Broken Strut Responsible for SpaceX's Sad Rocket Explosion (original) (raw)
Three weeks ago, on its seventh scheduled launch to resupply the International Space Station, SpaceX's Falcon 9 rocket inexplicably burst into flames less than three minutes into its flight. Today, Elon Musk finally announced what led to the explosion—sort of.
Emphasizing that their findings were only an “initial assessment,” Musk said that they believed that a broken strut—a two-foot-long piece of steel, an inch wide at its thickest point—was responsible for the rocket’s explosion, which had previously only been attributed to a "decompression event" in its liquid oxygen tanks.
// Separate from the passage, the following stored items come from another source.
(* Let $\mathfrak{h}$ be a finite-dimensional Hilbert space and let $\mathcal{L}_t=\sum_{m\in\mathbb{Z}}\mathcal{L}_m e^{-\mathrm{i}m\omega t}$ be a $T$-periodic Lindbladian ($\omega=2\pi/T$) on operators on $\mathfrak{h}$, as described in the context. For every integer $N\ge0$, the truncated van Vleck effective Liouvillian $\mathcal{L}_\mathrm{eff}=\sum_{k=0}^{N}\mathcal{L}_\mathrm{eff}^{(k)}$ has at least one eigenvalue equal to zero.
   Context: The Lindbladian is $\mathcal{L}_t(\rho)=-\mathrm{i}[H(t),\rho]+\sum_\alpha\big[L_\alpha(t)\rho L_\alpha^\dagger(t)-\tfrac12\{L_\alpha^\dagger(t)L_\alpha(t),\rho\}\big]$, where $H(t)=H(t+T)$ is Hermitian and the (finitely many) jump operators satisfy $L_\alpha(t+T)=L_\alpha(t)$. Writing $H(t)=\sum_m H_m e^{-\mathrm{i}m\omega t}$ and $L_\alpha(t)=\sum_m L_{\alpha,m}e^{-\mathrm{i}m\omega t}$, the Fourier components are $\mathcal{L}_m=\mathcal{H}_m+\mathcal{D}_m$ with $\mathcal{H}_m(\rho)=-\mathrm{i}[H_m,\rho]$ and $\mathcal{D}_m(\rho)=\sum_{\alpha,n}\big[L_{\alpha,m-n}\rho L_{\alpha,n}^\dagger-\tfrac12\{L_{\alpha,n}^\dagger L_{\alpha,m-n},\rho\}\big]$ (all Fourier sums assumed convergent). The van Vleck high-frequency expansion is defined via the ansatz $\mathcal{V}(t,t')=e^{\mathcal{G}_t}e^{\mathcal{L}_\mathrm{eff}(t-t')}e^{-\mathcal{G}_{t'}}$ for the propagator, with $\mathcal{G}_t$ periodic, $\mathcal{L}_\mathrm{eff}=\sum_{k\ge0}\mathcal{L}_\mathrm{eff}^{(k)}$, $\mathcal{L}_\mathrm{eff}^{(k)}=O(\omega^{-k})$; it is obtained from the isolated-system van Vleck expansion by the substitution $H_m\to\mathrm{i}\mathcal{L}_m$, $H_\mathrm{eff}\to\mathrm{i}\mathcal{L}_\mathrm{eff}$. Explicitly $\mathcal{L}_\mathrm{eff}^{(0)}=\mathcal{L}_0$, $\mathrm{i}\mathcal{L}_\mathrm{eff}^{(1)}=\sum_{m\ne0}\frac{[\mathrm{i}\mathcal{L}_{-m},\mathrm{i}\mathcal{L}_m]}{2m\omega}$, $\mathrm{i}\mathcal{L}_\mathrm{eff}^{(2)}=\sum_{m\ne0}\frac{[[\mathrm{i}\mathcal{L}_{-m},\mathrm{i}\mathcal{L}_0],\mathrm{i}\mathcal{L}_m]}{2m^2\omega^2}+\sum_{m\ne0}\sum_{n\ne0,m}\frac{[[\mathrm{i}\mathcal{L}_{-m},\mathrm{i}\mathcal{L}_{m-n}],\mathrm{i}\mathcal{L}_n]}{3mn\omega^2}$, and in general each $\mathcal{L}_\mathrm{eff}^{(k)}$ with $k\ge1$ is a linear combination (with complex coefficients) of nested commutators of the superoperators $\mathcal{L}_m$. $\mathcal{L}_\mathrm{eff}$ is regarded as a linear map on the space of operators on $\mathfrak{h}$. *)

From HB Require Import structures.
From mathcomp Require Import all_boot all_order all_algebra.
From mathcomp Require Import all_classical all_reals all_analysis.
From mathcomp Require Import complex.
Import numFieldNormedType.Exports.
Set Implicit Arguments. Unset Strict Implicit. Unset Printing Implicit Defensive.
Import Order.TTheory GRing.Theory Num.Theory.
Local Open Scope ring_scope.

(* The Hilbert space is C^d with C = R[i]; operators are 'M[R[i]]_d;
   superoperators are represented by their matrices 'M[R[i]]_(d*d)
   (via lin_mx, acting on mxvec-encoded operators). *)

Section Lindblad.
Variable R : realType.
Local Notation C := (R[i]).
Variable d : nat.

Definition adj (A : 'M[C]_d) : 'M[C]_d := map_mx conjc A^T.

Definition Hsup (Hm : 'M[C]_d) (rho : 'M[C]_d) : 'M[C]_d :=
  - (Complex 0 1) *: (Hm *m rho - rho *m Hm).

Variable J : nat.

Definition Dterm (Ls : 'I_J -> int -> 'M[C]_d) (m n : int) (rho : 'M[C]_d)
  : 'M[C]_d :=
  \sum_(a < J)
    (Ls a (m - n) *m rho *m adj (Ls a n)
     - 2^-1 *: (adj (Ls a n) *m Ls a (m - n) *m rho
                + rho *m (adj (Ls a n) *m Ls a (m - n)))).

(* Symmetric partial sums over n in [-K, K]. *)
Definition Dpart (Ls : 'I_J -> int -> 'M[C]_d) (m : int) (rho : 'M[C]_d)
  (K : nat) : 'M[C]_d :=
  \sum_(k < (K + K).+1) Dterm Ls m (k%:Z - K%:Z) rho.

Definition Dconv (Ls : 'I_J -> int -> 'M[C]_d) : Prop :=
  forall (m : int) (rho : 'M[C]_d) (i j : 'I_d),
    cvgn (fun K : nat => (complex.Re (Dpart Ls m rho K i j) : R)) /\
    cvgn (fun K : nat => (complex.Im (Dpart Ls m rho K i j) : R)).

Definition Dsup (Ls : 'I_J -> int -> 'M[C]_d) (m : int) (rho : 'M[C]_d)
  : 'M[C]_d :=
  \matrix_(i, j) Complex (limn (fun K : nat => (complex.Re (Dpart Ls m rho K i j) : R)))
                         (limn (fun K : nat => (complex.Im (Dpart Ls m rho K i j) : R))).

Definition Lsup (H : int -> 'M[C]_d) (Ls : 'I_J -> int -> 'M[C]_d) (m : int)
  (rho : 'M[C]_d) : 'M[C]_d := Hsup (H m) rho + Dsup Ls m rho.

Definition Lmx (H : int -> 'M[C]_d) (Ls : 'I_J -> int -> 'M[C]_d) (m : int)
  : 'M[C]_(d * d) := lin_mx (Lsup H Ls m).

End Lindblad.

(* Formal nested commutators of the L_m (leaves labelled by Fourier index). *)
Inductive ctree : Type := CLeaf of int | CBr of ctree & ctree.

Definition is_br (t : ctree) : bool := if t is CBr _ _ then true else false.

Fixpoint ceval (K : fieldType) (n : nat) (Lm : int -> 'M[K]_n) (t : ctree)
  : 'M[K]_n :=
  match t with
  | CLeaf m => Lm m
  | CBr a b => ceval Lm a *m ceval Lm b - ceval Lm b *m ceval Lm a
  end.

Definition nested_comm_comb (K : fieldType) (n : nat) (Lm : int -> 'M[K]_n)
  (X : 'M[K]_n) : Prop :=
  exists s : seq (K * ctree),
    all (fun p => is_br p.2) s /\ X = \sum_(p <- s) p.1 *: ceval Lm p.2.

From HB Require Import structures.
From mathcomp Require Import all_boot all_order all_algebra.
From mathcomp Require Import all_classical all_reals all_analysis.
From mathcomp Require Import complex.
Import numFieldNormedType.Exports.
Import Order.TTheory GRing.Theory Num.Theory.
Local Open Scope ring_scope.

(* Every Fourier component L_m annihilates the trace functional tr: the
   Hamiltonian part is a commutator, and in the dissipator
   tr (L rho L^+) = tr (L^+ L rho) cancels the anticommutator term; the
   Fourier sums over n preserve this in the limit.  The superoperators
   killed by tr form a left ideal, so tr also kills every nested commutator
   of the L_m and hence the truncated L_eff.  Thus tr is a nonzero vector in the
   kernel of (the transpose of) L_eff, and 0 is an eigenvalue. *)

Section TraceCol.
Variable K : pzRingType.
Variable d : nat.

Definition trace_col : 'cV[K]_(d * d) :=
  \col_k \tr (vec_mx (delta_mx 0 k) : 'M[K]_d).

Lemma mulmx_trace_col m (M : 'M[K]_(m, d * d)) :
  M *m trace_col = \col_i (\tr (vec_mx (row i M)) : K).
Proof.
apply/matrixP => i j; rewrite !mxE (ord1 j).
rewrite [row i M in RHS]row_sum_delta !raddf_sum /=; apply: eq_bigr => k _.
by rewrite !mxE linearZ /= mxtraceZ.
Qed.

Lemma lin_mx_trace_col (f : 'M[K]_d -> 'M[K]_d) :
  (forall A, \tr (f A) = 0) -> lin_mx f *m trace_col = 0.
Proof.
move=> trf0; rewrite mulmx_trace_col; apply/matrixP => i j; rewrite !mxE.
have -> : row i (lin_mx f) = mxvec (f (vec_mx (delta_mx 0 i))).
  by apply/rowP => k; rewrite !mxE.
by rewrite mxvecK trf0.
Qed.

End TraceCol.

Lemma trace_col_neq0 {K : nzRingType} {d : nat} :
  (0 < d)%N -> trace_col K d != 0.
Proof.
case: d => // d _; apply/eqP => /matrixP/(_ (mxvec_index ord0 ord0) 0).
rewrite !mxE vec_mx_delta.
have -> : \tr (delta_mx ord0 ord0 : 'M[K]_d.+1) = 1.
  rewrite /mxtrace (bigD1 ord0) //= mxE !eqxx big1 ?addr0 // => i ne_i0.
  by rewrite mxE (negbTE ne_i0).
exact/eqP/oner_neq0.
Qed.

Section ColumnKernel.
Context {K : fieldType} {n : nat} {Lm : int -> 'M[K]_n} {v : 'cV[K]_n}.
Hypothesis Lm_v : forall m, Lm m *m v = 0.

Lemma ceval_mulmx_eq0 t : ceval Lm t *m v = 0.
Proof.
elim: t => [m|a IHa b IHb] //=.
by rewrite mulmxBl -!mulmxA IHa IHb !mulmx0 subrr.
Qed.

Lemma nested_comm_comb_mulmx_eq0 X : nested_comm_comb Lm X -> X *m v = 0.
Proof.
move=> [s [_ ->]]; rewrite mulmx_suml big1 // => p _.
by rewrite -scalemxAl ceval_mulmx_eq0 scaler0.
Qed.

End ColumnKernel.

(* [eigenvalue] is about row eigenvectors; the column kernel vector [v] is
   carried over through [\det A^T = \det A]. *)
Lemma eigenvalue0_mulmx_col {K : fieldType} {n : nat} {A : 'M[K]_n}
    {v : 'cV_n} :
  v != 0 -> A *m v = 0 -> eigenvalue A 0.
Proof.
move=> v_neq0 Av0.
have /det0P[w w_neq0 wA0] : \det A == 0.
  rewrite -det_tr; apply/det0P; exists v^T; first by rewrite trmx_eq0.
  by rewrite -trmx_mul Av0 trmx0.
by apply/eigenvalueP; exists w; rewrite ?wA0 ?scale0r.
Qed.

Lemma mxtrace_dissipator (K : numFieldType) n (A B rho : 'M[K]_n) :
  \tr (A *m rho *m B - 2^-1 *: (B *m A *m rho + rho *m (B *m A))) = 0.
Proof.
rewrite raddfB /= mxtraceZ mxtraceD.
rewrite (mxtrace_mulC rho) (mxtrace_mulC (A *m rho)) mulmxA; set x := \tr _.
by rewrite -mulr2n -[x *+ 2]mulr_natl mulrA mulVf ?pnatr_eq0 // mul1r subrr.
Qed.

Lemma limn_sum (R : realType) (I : Type) (r : seq I) (u : I -> nat -> R) :
  (forall i, cvgn (u i)) ->
  limn (fun K => \sum_(i <- r) u i K) = \sum_(i <- r) limn (u i).
Proof.
move=> u_cvg; apply: cvg_lim => //.
by apply: (cvg_big add_continuous) => // i _; apply: u_cvg.
Qed.

Lemma mxtrace_limn_entries (R : realType) n (u : nat -> 'M[R[i]]_n) :
  (forall i, cvgn (fun K => complex.Re (u K i i)) /\
             cvgn (fun K => complex.Im (u K i i))) ->
  \tr (\matrix_(i, j) Complex (limn (fun K => complex.Re (u K i j)))
                              (limn (fun K => complex.Im (u K i j)))) =
  Complex (limn (fun K => complex.Re (\tr (u K))))
          (limn (fun K => complex.Im (\tr (u K)))).
Proof.
move=> u_cvg.
have ReE (A : 'M[R[i]]_n) : complex.Re (\tr A) = \sum_i complex.Re (A i i).
  exact: (raddf_sum (@complex.Re R : Rcomplex R -> R)).
have ImE (A : 'M[R[i]]_n) : complex.Im (\tr A) = \sum_i complex.Im (A i i).
  exact: (raddf_sum (@complex.Im R : Rcomplex R -> R)).
under [X in _ = Complex (limn X) _]funext => K do rewrite ReE.
under [X in _ = Complex _ (limn X)]funext => K do rewrite ImE.
rewrite !limn_sum => [|i|i]; try by case: (u_cvg i).
apply/eqP; rewrite eq_complex ReE ImE.
by apply/andP; split; apply/eqP; apply: eq_bigr => i _; rewrite mxE.
Qed.

Section LindbladTrace.
Context {R : realType} {d J : nat}.
Context (H : int -> 'M[R[i]]_d) {Ls : 'I_J -> int -> 'M[R[i]]_d}.
Hypothesis Ls_cvg : Dconv Ls.

Lemma mxtrace_Hsup (Hm rho : 'M[R[i]]_d) : \tr (Hsup Hm rho) = 0.
Proof. by rewrite /Hsup mxtraceZ raddfB /= mxtrace_mulC subrr mulr0. Qed.

Lemma mxtrace_Dpart m rho K : \tr (Dpart Ls m rho K) = 0.
Proof.
rewrite raddf_sum big1 // => k _.
by rewrite raddf_sum big1 // => a _; apply: mxtrace_dissipator.
Qed.

Lemma mxtrace_Dsup m rho : \tr (Dsup Ls m rho) = 0.
Proof.
rewrite mxtrace_limn_entries => [|i]; last exact: Ls_cvg.
under [X in Complex (limn X) _]funext => K do rewrite mxtrace_Dpart.
under [X in Complex _ (limn X)]funext => K do rewrite mxtrace_Dpart.
by rewrite !lim_cst.
Qed.

Lemma Lmx_mul_trace_col m : Lmx H Ls m *m trace_col _ d = 0.
Proof.
apply: lin_mx_trace_col => rho.
by rewrite mxtraceD mxtrace_Hsup mxtrace_Dsup addr0.
Qed.

End LindbladTrace.

Theorem theorem1 (R : realType) (d J : nat)
  (H : int -> 'M[R[i]]_d) (Ls : 'I_J -> int -> 'M[R[i]]_d)
  (N : nat) (Leff : nat -> 'M[R[i]]_(d * d)) :
  (0 < d)%N ->
  (forall m : int, H (- m) = adj (H m)) ->
  Dconv Ls ->
  Leff 0%N = Lmx H Ls 0 ->
  (forall k : nat, (0 < k <= N)%N -> nested_comm_comb (Lmx H Ls) (Leff k)) ->
  eigenvalue (\sum_(k < N.+1) Leff k) 0.
Proof.
move=> d_gt0 _ Ls_cvg Leff0 Leff_comm.
apply: (eigenvalue0_mulmx_col (trace_col_neq0 d_gt0)).
rewrite mulmx_suml big1 // => k _.
have [->|k_gt0] := posnP k; first by rewrite Leff0 Lmx_mul_trace_col.
apply: (nested_comm_comb_mulmx_eq0 (Lmx_mul_trace_col H Ls_cvg)).
by apply: Leff_comm; rewrite k_gt0 -ltnS ltn_ord.
Qed.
No one was injured, but the 4,000 pounds of cargo in the attached Dragon space capsule got blasted into smithereens.
By design, the faulty strut should have been able to take 10,000 pounds of force—well above the 3,500 pounds that the struts actually experience during a launch. But after screening “some enormous number” of them, SpaceX found that some could only withstand 2,000 pounds. The struts were made by an outside supplier that Musk wouldn’t name.
The original point of launching the rocket, in addition to resupplying the ISS, was to try to recover the Falcon 9 on a floating barge in the ocean so that SpaceX could reuse it. Commercial spaceflight companies like SpaceX want to find a way to reuse their rockets, dramatically decreasing the cost of space delivery and travel. (A NASA-funded study reported that using commercial spaceflight could make a trip to the moon up to ten times cheaper.)
SpaceX has never succeeded in recovering Falcon 9, this being the third time in the last eight months that the rocket has crashed or burned. But it's the only time that the company has failed to even deliver the ISS supplies (and the third time this year that a resupply mission has failed).
Falcon 9 is a two-stage rocket, which means that as it shepherds the the Dragon capsule into space, it ejects its weight in two steps. The suspected broken strut, which held helium bottles in place in its liquid oxygen tank, was part of Falcon 9’s second stage. A rocket uses liquid oxygen to burn its fuel1, and as the oxygen gets used up, something—in this case, helium—has to replace the consumed oxygen to maintain proper pressure in the oxygen tank. During launch, the strut snapped, making too much helium leak into the oxygen tank, which led to too much pressure in the oxygen tank, which led to...boom.
Musk says in addition to losing biomedical experiments and high school science projects, SpaceX probably lost hundreds of millions of dollars in revenue in the explosion. Plus, a US and European climate satellite called Jason-3, originally scheduled for launch on August 8, had to be postponed.
So how is SpaceX planning to recover from this one?
First, it will go after the obvious—Musk says the rocket will use a different strut, which the company's engineers will screen individually instead of trusting the guarantee on the label. In the event of another explosion, SpaceX is also rushing the installation of software on the capsule, Dragon, that will let it parachute back to Earth before the rocket explosion gets to the valuable contents in the capsule.
But Musk says that this explosion doesn’t affect the company's overall commercial timeline—SpaceX doesn’t have any planned commercial launches until after September. Keeping a game face, he used the catastrophe as a reminder that going to space, after all, is hard. “The fundamental nature of rocketry is that it is a case where the passing grade is 100 percent, every time,” he says. “From the moment of lift-off, it's 100 percent or nothing.”
Musk also blames overconfidence for the accident. The size of SpaceX increased from 500 employees to about 4,000 since their last failed launch seven years ago. “When you’ve only ever seen success, you don’t fear failure quite as much,” he says. Leave it to Elon to slip in some humble bragging while talking about one of his smoky failures lying on the ocean floor.
1UPDATE 7/30/15 6:50 PM This story originally referred to liquid oxygen as fuel. Oxygen is not the fuel; oxygen is needed to burn the fuel.